**Task goal**
For the listing that follows, give again exactly the lines from the one with "Definition completely_positive (p" to the one with "else if (a == 1 :> nat) then (i != j)%:R", including both.
Supplied material: Begin
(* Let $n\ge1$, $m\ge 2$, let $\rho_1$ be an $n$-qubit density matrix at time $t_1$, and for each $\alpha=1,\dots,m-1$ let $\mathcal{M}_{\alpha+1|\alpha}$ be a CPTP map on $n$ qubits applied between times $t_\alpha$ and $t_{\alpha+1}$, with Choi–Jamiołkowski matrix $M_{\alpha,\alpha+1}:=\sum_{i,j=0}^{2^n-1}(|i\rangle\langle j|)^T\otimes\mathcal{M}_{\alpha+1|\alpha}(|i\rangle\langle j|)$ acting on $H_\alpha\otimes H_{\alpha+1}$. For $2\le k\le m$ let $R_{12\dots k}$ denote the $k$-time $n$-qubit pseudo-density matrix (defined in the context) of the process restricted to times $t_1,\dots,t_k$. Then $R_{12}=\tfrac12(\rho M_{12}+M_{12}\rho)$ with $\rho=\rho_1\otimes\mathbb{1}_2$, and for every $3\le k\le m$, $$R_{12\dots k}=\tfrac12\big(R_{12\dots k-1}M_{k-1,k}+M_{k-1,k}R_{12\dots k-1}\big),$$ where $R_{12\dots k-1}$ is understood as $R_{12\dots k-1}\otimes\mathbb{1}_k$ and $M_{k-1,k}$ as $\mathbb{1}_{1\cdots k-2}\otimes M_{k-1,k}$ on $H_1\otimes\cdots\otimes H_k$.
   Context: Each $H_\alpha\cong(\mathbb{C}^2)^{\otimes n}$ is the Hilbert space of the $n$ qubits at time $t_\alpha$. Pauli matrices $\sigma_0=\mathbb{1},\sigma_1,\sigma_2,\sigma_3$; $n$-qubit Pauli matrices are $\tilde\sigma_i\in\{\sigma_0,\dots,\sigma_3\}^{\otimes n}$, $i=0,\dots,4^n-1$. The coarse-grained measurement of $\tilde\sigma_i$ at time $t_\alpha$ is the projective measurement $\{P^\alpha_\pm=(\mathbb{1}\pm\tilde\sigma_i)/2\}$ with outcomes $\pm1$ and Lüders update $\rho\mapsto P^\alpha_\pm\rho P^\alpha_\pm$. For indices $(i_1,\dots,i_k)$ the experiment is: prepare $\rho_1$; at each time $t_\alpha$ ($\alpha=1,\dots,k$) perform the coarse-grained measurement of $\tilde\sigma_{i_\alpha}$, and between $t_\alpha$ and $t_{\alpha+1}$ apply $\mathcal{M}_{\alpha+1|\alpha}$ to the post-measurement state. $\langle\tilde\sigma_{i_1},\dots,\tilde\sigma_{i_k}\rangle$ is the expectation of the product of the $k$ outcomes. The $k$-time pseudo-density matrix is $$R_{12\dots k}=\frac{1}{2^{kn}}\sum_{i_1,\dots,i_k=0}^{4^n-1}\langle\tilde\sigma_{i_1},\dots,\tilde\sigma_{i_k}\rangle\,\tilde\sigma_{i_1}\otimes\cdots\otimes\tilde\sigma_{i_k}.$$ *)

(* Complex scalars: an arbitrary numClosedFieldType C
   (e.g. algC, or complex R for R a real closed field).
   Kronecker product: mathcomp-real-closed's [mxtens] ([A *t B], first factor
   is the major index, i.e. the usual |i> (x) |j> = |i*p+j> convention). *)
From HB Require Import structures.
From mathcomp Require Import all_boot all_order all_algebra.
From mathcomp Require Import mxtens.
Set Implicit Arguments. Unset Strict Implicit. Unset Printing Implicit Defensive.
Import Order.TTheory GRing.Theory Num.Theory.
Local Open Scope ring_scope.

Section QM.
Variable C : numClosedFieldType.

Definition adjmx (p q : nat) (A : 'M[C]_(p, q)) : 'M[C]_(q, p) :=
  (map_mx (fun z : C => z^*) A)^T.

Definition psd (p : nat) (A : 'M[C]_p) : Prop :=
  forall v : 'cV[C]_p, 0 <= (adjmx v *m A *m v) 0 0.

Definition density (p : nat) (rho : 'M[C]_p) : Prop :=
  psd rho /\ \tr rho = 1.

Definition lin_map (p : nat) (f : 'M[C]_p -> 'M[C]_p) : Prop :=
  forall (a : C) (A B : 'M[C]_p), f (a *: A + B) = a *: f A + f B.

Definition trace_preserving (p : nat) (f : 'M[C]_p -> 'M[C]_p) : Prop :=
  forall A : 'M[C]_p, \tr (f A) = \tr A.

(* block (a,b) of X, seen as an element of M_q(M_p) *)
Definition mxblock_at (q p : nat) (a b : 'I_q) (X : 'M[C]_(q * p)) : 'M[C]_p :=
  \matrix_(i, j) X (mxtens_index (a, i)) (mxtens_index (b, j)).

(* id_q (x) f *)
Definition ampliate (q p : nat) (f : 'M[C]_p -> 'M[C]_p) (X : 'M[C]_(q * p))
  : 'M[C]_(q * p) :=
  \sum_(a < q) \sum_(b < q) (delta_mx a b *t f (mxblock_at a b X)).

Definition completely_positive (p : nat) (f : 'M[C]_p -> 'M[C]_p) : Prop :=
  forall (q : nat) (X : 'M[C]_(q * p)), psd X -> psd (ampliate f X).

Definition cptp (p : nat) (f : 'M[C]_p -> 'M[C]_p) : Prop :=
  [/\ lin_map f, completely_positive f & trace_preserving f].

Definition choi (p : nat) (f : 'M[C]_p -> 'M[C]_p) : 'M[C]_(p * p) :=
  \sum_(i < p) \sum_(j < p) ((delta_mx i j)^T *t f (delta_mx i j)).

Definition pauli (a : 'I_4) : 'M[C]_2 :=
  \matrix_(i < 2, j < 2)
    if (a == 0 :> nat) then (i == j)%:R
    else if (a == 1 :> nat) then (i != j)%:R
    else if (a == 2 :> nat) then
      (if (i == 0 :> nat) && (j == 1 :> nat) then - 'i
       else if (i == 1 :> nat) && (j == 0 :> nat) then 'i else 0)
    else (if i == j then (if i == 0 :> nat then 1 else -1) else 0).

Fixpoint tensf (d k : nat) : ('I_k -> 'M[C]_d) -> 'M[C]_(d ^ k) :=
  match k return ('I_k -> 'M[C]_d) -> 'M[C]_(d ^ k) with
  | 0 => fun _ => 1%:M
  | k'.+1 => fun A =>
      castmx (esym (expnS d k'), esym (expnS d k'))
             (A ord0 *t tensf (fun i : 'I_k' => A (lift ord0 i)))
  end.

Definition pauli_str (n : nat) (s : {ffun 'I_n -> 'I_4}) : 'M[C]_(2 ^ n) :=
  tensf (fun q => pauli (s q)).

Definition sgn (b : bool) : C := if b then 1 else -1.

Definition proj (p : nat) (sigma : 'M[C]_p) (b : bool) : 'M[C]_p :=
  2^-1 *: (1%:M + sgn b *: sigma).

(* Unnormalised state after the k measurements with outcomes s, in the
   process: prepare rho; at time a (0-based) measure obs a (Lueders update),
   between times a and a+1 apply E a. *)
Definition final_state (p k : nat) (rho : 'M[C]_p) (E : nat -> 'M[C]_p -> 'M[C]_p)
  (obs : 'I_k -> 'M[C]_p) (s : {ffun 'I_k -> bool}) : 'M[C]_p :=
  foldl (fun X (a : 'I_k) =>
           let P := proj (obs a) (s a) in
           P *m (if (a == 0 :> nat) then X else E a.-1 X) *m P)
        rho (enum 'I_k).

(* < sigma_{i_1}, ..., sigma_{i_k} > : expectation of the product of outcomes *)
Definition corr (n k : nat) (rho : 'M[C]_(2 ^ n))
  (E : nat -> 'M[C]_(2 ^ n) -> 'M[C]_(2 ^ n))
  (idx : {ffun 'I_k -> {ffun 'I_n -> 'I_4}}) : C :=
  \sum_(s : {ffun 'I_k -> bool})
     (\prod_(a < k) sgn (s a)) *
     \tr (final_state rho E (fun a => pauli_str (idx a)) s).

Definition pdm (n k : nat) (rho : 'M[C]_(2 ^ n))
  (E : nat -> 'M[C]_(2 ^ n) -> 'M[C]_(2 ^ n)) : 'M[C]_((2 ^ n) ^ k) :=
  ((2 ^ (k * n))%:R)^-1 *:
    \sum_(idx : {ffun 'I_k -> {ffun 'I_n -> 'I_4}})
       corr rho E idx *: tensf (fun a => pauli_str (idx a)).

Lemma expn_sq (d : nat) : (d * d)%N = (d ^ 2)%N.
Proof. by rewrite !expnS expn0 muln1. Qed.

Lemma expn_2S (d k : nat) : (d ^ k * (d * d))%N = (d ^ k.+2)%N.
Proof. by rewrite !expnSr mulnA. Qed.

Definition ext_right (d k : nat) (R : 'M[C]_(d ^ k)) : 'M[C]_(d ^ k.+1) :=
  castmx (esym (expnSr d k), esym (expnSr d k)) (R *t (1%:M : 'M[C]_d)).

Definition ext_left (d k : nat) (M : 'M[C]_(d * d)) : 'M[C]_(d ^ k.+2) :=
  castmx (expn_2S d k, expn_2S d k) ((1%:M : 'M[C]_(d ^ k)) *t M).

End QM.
Supplied material: End
**Your response**
Definition completely_positive (p : nat) (f : 'M[C]_p -> 'M[C]_p) : Prop :=
  forall (q : nat) (X : 'M[C]_(q * p)), psd X -> psd (ampliate f X).

Definition cptp (p : nat) (f : 'M[C]_p -> 'M[C]_p) : Prop :=
  [/\ lin_map f, completely_positive f & trace_preserving f].

Definition choi (p : nat) (f : 'M[C]_p -> 'M[C]_p) : 'M[C]_(p * p) :=
  \sum_(i < p) \sum_(j < p) ((delta_mx i j)^T *t f (delta_mx i j)).

Definition pauli (a : 'I_4) : 'M[C]_2 :=
  \matrix_(i < 2, j < 2)
    if (a == 0 :> nat) then (i == j)%:R
    else if (a == 1 :> nat) then (i != j)%:R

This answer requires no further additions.